Theory of four-wave mixing for bound and leaky modes

We present a comprehensive theory of four-wave mixing in waveguide geometries, providing a rigorous description of the dynamics of both bound as well as leaky modes within a single theoretical framework. Our approach is based on the resonant-state expansion including analytical mode normalization. For bound modes, our approach agrees with the previous theory, while it results in modified nonlinear pulse propagation for leaky modes. For instance, it predicts a more efficient generation of Stokes and anti-Stokes bands with an earlier onset than expected from the previous theory for bound modes. These effects have been demonstrated numerically for a gas-filled hollow-core annulus fiber that supports leaky modes, rendering conventional bound-mode theory inappropriate for such systems. Moreover, we find that leaky modes provide modulation instability, not only in the anomalous but also in the normal dispersion regime. The modulation instability can occur for all frequencies, which is a fundamental difference to bound modes.

Figure 1

(a) Cross section and schematics of an annulus fiber made from silica (${\mathrm{SiO}}_2$) and filled by xenon (Xe) in nitrogen (N) surrounding. The lower left inset shows energy-level diagram for four-wave mixing occurring due to the annihilation of two photons at frequencies ${\omega }_1$ and ${\omega }_2$ with creation of two new photons at frequencies ${\omega }_3$ and ${\omega }_4$. (b) Spatial distribution of the axial component of the real-valued Poynting vector of the fundamental leaky mode of the annulus waveguide geometry shown in (a). Outside the core region, a logarithmic scale is used for the distance to the fiber core. The white dashed line in (c) indicates the inner radius of the fiber.

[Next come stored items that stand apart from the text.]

(* Fix $\beta\in(1,2)$, let $Y$ be the stationary random walk described in the context, and let $\mathcal C=\{2,4,6,\dots\}$ be the set of even positive integers. Then $\mathbf P[Y_0\in\mathcal C]=1/4$ and, as $t\to\infty$, $$\mathbf P[Y_t\in\mathcal C\mid Y_0\in\mathcal C]=\tfrac14+t^{\frac{1-\beta}{2}+o(1)},$$ while $\mathbf P[Y_s\in\mathcal C\ \forall s\in\{0,\dots,t\}]$ decays exponentially in $t$.
   Context: The graph has vertex set $\mathbb Z^*=\mathbb Z\setminus\{0\}$ and edges: nearest-neighbour edges $\{n,n+1\}$ and $\{-(n+1),-n\}$ for $n\ge1$, the edge $\{-1,1\}$, and a self-loop at every vertex. Conductances: $c_{n,n+1}=c_{-(n+1),-n}=n^{-\beta}$ for $n\ge1$; $c_{-1,1}=c_{1,1}=c_{-1,-1}=1/2$; and for $|n|\ge2$ the self-loop conductance is $c_{n,n}=c_{n,n-1}+c_{n,n+1}$. The discrete-time walk moves from $x$ to $y$ with probability $c_{x,y}/\pi(x)$, where $\pi(x)=\sum_y c_{x,y}$ (self-loop counted once); it is run in stationarity (started from normalized $\pi$), with law $\mathbf P$. (With these conductances, $\mathbf P[Y_{t+1}\in 2\mathbb Z\mid Y_t]=1/2$ regardless of $Y_t$.) *)

From Stdlib Require Import Reals ZArith.
Open Scope R_scope.

(* The vertex set is Z* = Z \ {0}, represented by integers x <> 0.
   Neighbours along the "line" Z*: up x is the successor (skipping 0),
   down x the predecessor. *)
Definition up (x : Z) : Z := if Z.eqb x (-1) then 1%Z else (x + 1)%Z.
Definition down (x : Z) : Z := if Z.eqb x 1 then (-1)%Z else (x - 1)%Z.

(* conductance of the edge {x, up x}:
   x >= 1      : edge {n,n+1}, n = x,        c = n^{-beta}
   x = -1      : edge {-1,1},                c = 1/2
   x <= -2     : edge {-(n+1),-n}, n = -x-1, c = n^{-beta} *)
Definition cedge (beta : R) (x : Z) : R :=
  if Z.leb 1 x then Rpower (IZR x) (- beta)
  else if Z.eqb x (-1) then / 2
  else if Z.leb x (-2) then Rpower (IZR (- x - 1)) (- beta)
  else 0.

Definition cself (beta : R) (x : Z) : R :=
  if orb (Z.eqb x 1) (Z.eqb x (-1)) then / 2
  else if Z.eqb x 0 then 0
  else cedge beta (down x) + cedge beta x.

(* pi(x) = sum_y c_{x,y} (self-loop counted once); pi 0 = 0 (0 is not a vertex) *)
Definition pi (beta : R) (x : Z) : R :=
  if Z.eqb x 0 then 0
  else cedge beta (down x) + cedge beta x + cself beta x.

Definition pdown (beta : R) (x : Z) : R := cedge beta (down x) / pi beta x.
Definition pstay (beta : R) (x : Z) : R := cself beta x / pi beta x.
Definition pup (beta : R) (x : Z) : R := cedge beta x / pi beta x.

Definition indC (x : Z) : R := if andb (Z.ltb 0 x) (Z.even x) then 1 else 0.

Fixpoint hitC (beta : R) (t : nat) (x : Z) : R :=
  match t with
  | O => indC x
  | S t' => pdown beta x * hitC beta t' (down x)
            + pstay beta x * hitC beta t' x
            + pup beta x * hitC beta t' (up x)
  end.

Fixpoint stayC (beta : R) (t : nat) (x : Z) : R :=
  match t with
  | O => indC x
  | S t' => indC x * (pdown beta x * stayC beta t' (down x)
                      + pstay beta x * stayC beta t' x
                      + pup beta x * stayC beta t' (up x))
  end.

Definition sumZstar (f : Z -> R) (l : R) : Prop :=
  infinite_sum (fun n => f (Z.of_nat (S n)) + f (- Z.of_nat (S n))%Z) l.

Definition sumC (f : Z -> R) (l : R) : Prop :=
  infinite_sum (fun n => f (2 * Z.of_nat (S n))%Z) l.

From Pilot Require Import Defs.
From Stdlib Require Import Reals ZArith.
Open Scope R_scope.

From Stdlib Require Import Lra Lia Psatz.
From Coquelicot Require Import Coquelicot.

(* P[Y_0 in C] = 1/4 because, away from the origin, pi(x) = 2 (c(x-1,x) + c(x,x+1)), so
   that pi(C) = 2 zeta(beta) and pi(Z* ) = 8 zeta(beta) ([stationary_masses]).  Away from +-1 the walk stays put with probability 1/2
   and never moves between two even sites, so P[Y_s in C for s <= t] = 2^{-t} / 4
   ([stayC_geometric]).  By the reflection x -> -x, P_x[Y_{t+1} in C] = 1/4 +- u_t(|x|)/4,
   where u is the survival probability of a walk on {1,2,...} with drift ~ 1/x towards 1,
   killed with probability 1/2 at each visit to 1 ([hitC_odd_part]).  Hence
   P[Y_t in C | Y_0 in C] - 1/4 = corr (t-1) / (4 pi(C)),  corr s = sum_{x in C} pi(x) u_s(x).

   Summing against pi(x) ~ x^{-beta} gives
   s^{(1-beta)/2} <~ corr s <~ s^{(1-beta)/2} (log s)^{beta-1} ([corr_lower],
   [corr_upper_eventually]), and such bounds force ln(excess) / ln t -> (1-beta)/2
   ([log_ratio_limit]). *)

Lemma Rpower_pos a e : 0 < Rpower a e.
Proof. apply exp_pos. Qed.

Lemma exp_le x y : x <= y -> exp x <= exp y.
Proof. intros [H | ->]; [left; apply exp_increasing | right]; auto. Qed.

Lemma Rpower_le_neg a b e : 0 < a -> a <= b -> e <= 0 -> Rpower b e <= Rpower a e.
Proof.
  intros Ha Hab He. apply exp_le.
  assert (ln a <= ln b) by (apply ln_le; lra). nra.
Qed.

Lemma Rpower_1_base e : Rpower 1 e = 1.
Proof. unfold Rpower; rewrite ln_1, Rmult_0_r, exp_0; auto. Qed.

Lemma Rpower_inv_base a e : 0 < a -> Rpower (/ a) e = Rpower a (- e).
Proof. intro Ha. unfold Rpower. rewrite ln_Rinv by lra. f_equal. ring. Qed.

Lemma ln_le_xm1 x : 0 < x -> ln x <= x - 1.
Proof. intro H. pose proof (exp_ineq1_le (ln x)) as He. rewrite exp_ln in He by auto. lra. Qed.

Lemma ln_le_2sqrt z : 0 < z -> ln z <= 2 * sqrt z.
Proof.
  intro H. pose proof (sqrt_lt_R0 z H) as Hs.
  rewrite <- (sqrt_sqrt z) at 1 by lra. rewrite ln_mult by lra.
  pose proof (ln_le_xm1 (sqrt z) Hs). lra.
Qed.

Lemma nat_sqrt_bounds s : INR (Nat.sqrt s) <= sqrt (INR s) < INR (Nat.sqrt s) + 1.
Proof.
  destruct (Nat.sqrt_spec s ltac:(lia)) as [H1 H2].
  apply le_INR in H1. apply lt_INR in H2. rewrite mult_INR in H1. rewrite mult_INR, S_INR in H2.
  pose proof (pos_INR (Nat.sqrt s)). split.
  - rewrite <- (sqrt_square (INR (Nat.sqrt s))) by lra. apply sqrt_le_1_alt. exact H1.
  - rewrite <- (sqrt_square (INR (Nat.sqrt s) + 1)) by lra.
    apply sqrt_lt_1_alt. split; [apply pos_INR | exact H2].
Qed.

(* Discrete convexity bound behind the tail sums of [n^{-beta}]:
   [(beta-1) y^{-beta} <= (y-1)^{1-beta} - y^{1-beta}]. *)
Lemma power_telescope beta y : 1 < beta -> 2 <= y ->
  (beta - 1) * Rpower y (- beta) <= Rpower (y - 1) (- (beta - 1)) - Rpower y (- (beta - 1)).
Proof.
  intros Hb Hy. set (al := beta - 1).
  assert (E1 : Rpower (y - 1) (- al) = Rpower y (- al) * exp (al * (ln y - ln (y - 1)))).
  { unfold Rpower. rewrite <- exp_plus. f_equal. ring. }
  assert (E2 : Rpower y (- beta) = Rpower y (- al) * / y).
  { unfold al. replace (- beta) with (- (beta - 1) + - (1)) by ring.
    rewrite Rpower_plus, (Rpower_Ropp y 1), Rpower_1 by lra. auto. }
  assert (Hlog : / y <= ln y - ln (y - 1)).
  { assert (H : ln ((y - 1) / y) <= (y - 1) / y - 1)
      by (apply ln_le_xm1; apply Rdiv_lt_0_compat; lra).
    unfold Rdiv in H. rewrite ln_mult, ln_Rinv in H by (try apply Rinv_0_lt_compat; lra).
    replace ((y - 1) * / y - 1) with (- / y) in H by (field; lra). lra. }
  pose proof (exp_ineq1_le (al * (ln y - ln (y - 1)))).
  rewrite E1, E2. pose proof (Rpower_pos y (- al)).
  assert (al * / y <= al * (ln y - ln (y - 1))) by (apply Rmult_le_compat_l; unfold al; lra).
  nra.
Qed.

Lemma Rdiv_le_cross a b c d : 0 < b -> 0 < d -> a * d <= c * b -> a / b <= c / d.
Proof.
  intros Hb Hd H. apply Rmult_le_reg_r with (b * d); [nra|].
  replace (a / b * (b * d)) with (a * d) by (field; lra).
  replace (c / d * (b * d)) with (c * b) by (field; lra). exact H.
Qed.

Section DriftedWalk.

(* A lazy nearest-neighbour walk on {2,3,...}: from x it stays with probability 1/2
   and moves to x-1, x+1 with probabilities pd x, pu x; the drift towards 1 is of
   order 1/x. *)
Variables pd pu : Z -> R.
Hypothesis pd_nonneg : forall x, (2 <= x)%Z -> 0 <= pd x.
Hypothesis pu_nonneg : forall x, (2 <= x)%Z -> 0 <= pu x.
Hypothesis move_half : forall x, (2 <= x)%Z -> pd x + pu x = / 2.
Hypothesis drift_lower : forall x, (2 <= x)%Z -> / (2 * (2 * IZR x - 1)) <= pd x - pu x.
Hypothesis drift_upper : forall x, (2 <= x)%Z -> pd x - pu x <= 6 / IZR x.

Definition avg (x : Z) (f : Z -> R) : R := pd x * f (x - 1)%Z + / 2 * f x + pu x * f (x + 1)%Z.

Lemma avg_mono x f g : (2 <= x)%Z ->
  f (x - 1)%Z <= g (x - 1)%Z -> f x <= g x -> f (x + 1)%Z <= g (x + 1)%Z ->
  avg x f <= avg x g.
Proof.
  intros Hx H1 H2 H3. unfold avg.
  pose proof (Rmult_le_compat_l _ _ _ (pd_nonneg x Hx) H1).
  pose proof (Rmult_le_compat_l _ _ _ (pu_nonneg x Hx) H3). lra.
Qed.

Lemma avg_affine x f a b : (2 <= x)%Z -> avg x (fun y => a * f y + b) = a * avg x f + b.
Proof. intro Hx. unfold avg. pose proof (move_half x Hx). nra. Qed.

Lemma avg_add_const x f c : (2 <= x)%Z -> avg x (fun y => f y + c) = avg x f + c.
Proof.
  intro Hx. rewrite <- (Rmult_1_l (avg x f)), <- (avg_affine x f 1 c Hx). unfold avg. ring.
Qed.

Lemma avg_unit x f : (2 <= x)%Z ->
  0 <= f (x - 1)%Z <= 1 -> 0 <= f x <= 1 -> 0 <= f (x + 1)%Z <= 1 -> 0 <= avg x f <= 1.
Proof.
  intros Hx H1 H2 H3. unfold avg.
  pose proof (pd_nonneg x Hx). pose proof (pu_nonneg x Hx). pose proof (move_half x Hx).
  split; nra.
Qed.

Lemma avg_sq x c : (2 <= x)%Z -> avg x (fun y => (c - IZR y) ^ 2) =
  (c - IZR x) ^ 2 + 2 * (c - IZR x) * (pd x - pu x) + / 2.
Proof. intro Hx. unfold avg. rewrite minus_IZR, plus_IZR. pose proof (move_half x Hx). nra. Qed.

Lemma avg_id x : (2 <= x)%Z -> avg x IZR = IZR x - (pd x - pu x).
Proof. intro Hx. unfold avg. rewrite minus_IZR, plus_IZR. pose proof (move_half x Hx). nra. Qed.

(* Survival probability of the walk which, at 1, moves to 2 with probability 1/2 and
   is killed otherwise.  It is the odd part of P_x[Y_t in C] for the walk on Z*. *)
Fixpoint surv (t : nat) (x : Z) : R :=
  match t with
  | O => 1
  | S t' => if Z.eqb x 1 then / 2 * surv t' 2 else avg x (surv t')
  end.

Lemma surv_S_ge2 t x : (2 <= x)%Z -> surv (S t) x = avg x (surv t).
Proof. intro Hx. simpl. rewrite (proj2 (Z.eqb_neq x 1)) by lia. reflexivity. Qed.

The refractive indices of silica and gases are taken from Refs. [10, 11]. The inner and outer radii of the annulus waveguide are $R_{\text{1}}=30\mu \mathrm{m}$ and $R_{\text{2}}=30.476\mu \mathrm{m}$, respectively (wavelength $\lambda =470$ nm).

Figure 2

Gain spectra of modulation instability at a pump wavelength of $\lambda =470$ nm for the annulus fiber with $\gamma =(8.47\times {10}^{-6}-4.58\times {10}^{-9}i){\mathrm{m}}^{-1}{\mathrm{W}}^{-1}$, $\alpha =0.24{\mathrm{m}}^{-1}$, and $|{\overline{\beta }}^{\left(2\right)}|=6.84\times {10}^{-2}{\mathrm{ps}}^2{\mathrm{km}}^{-1}$. The red dashed line indicates the gain spectrum of modulation instability calculated in the anomalous dispersion regime with $\text{sgn}\left({\overline{\beta }}^{\left(2\right)}\right)=-1$, while the solid green line is obtained for $\text{sgn}\left({\overline{\beta }}^{\left(2\right)}\right)=1$, corresponding to the normal dispersion regime. Note that in both cases, there is a nonzero gain for all frequencies.

Figure 3

Spectral distributions of the various relevant parameters. (a) Real and (b) imaginary parts of the effective refractive index for the fundamental leaky mode of the annulus fiber shown in Fig. 1. Comparisons of results obtained by the resonant-state expansion (RSE) and the bound-mode theory (BMT) are given in panels (c) and (d), respectively, for the real and imaginary parts of the nonlinearity parameter of that mode. (e) Phase mismatch for degenerate four-wave mixing at a pump wavelength of $470\mathrm{nm}$ and initial powers of $3.1\mathrm{MW}$ (green solid line) and $3.2\mathrm{MW}$ (red dashed line), respectively. The central arrow indicates the position of pump (P) wave, while the side arrows indicate the estimated positions of the Stokes (S) and the anti-Stokes (AS) bands that occur at the wavelength with vanishing phase mismatch. (f) Second-order dispersion coefficient. All three waves are in the normal dispersion region. The gray vertical dashed lines in all panels indicate the spectral positions of the Stokes and the anti-Stokes waves.

Figure 4

Spatial-spectral evolution of the total power-spectral-density $S\left(\lambda \right)$ obtained by using our theory based on the resonant-state expansion and the bound-mode theory for an initial pump power of $3.1\mathrm{MW}$ [panels (a) and (b)] and $3.2\mathrm{MW}$ [panels (c) and (d)], respectively. Note that the total power spectral density $S\left(\lambda \right)$ is normalized to the initial power density. All other simulation parameters can be found in Ref. [55].

Figure 5

Normalized pump [panels (a) and (b)], Stokes [panels (c) and (d)], and anti-Stokes [panels (e) and (f)] power as a function of propagation distance. The results have been obtained by using our theory based on the resonant-state expansion (red solid line) and the bound-mode theory (blue dashed line) for initial pump powers of 3.1 MW (left column) and 3.2 MW (right column).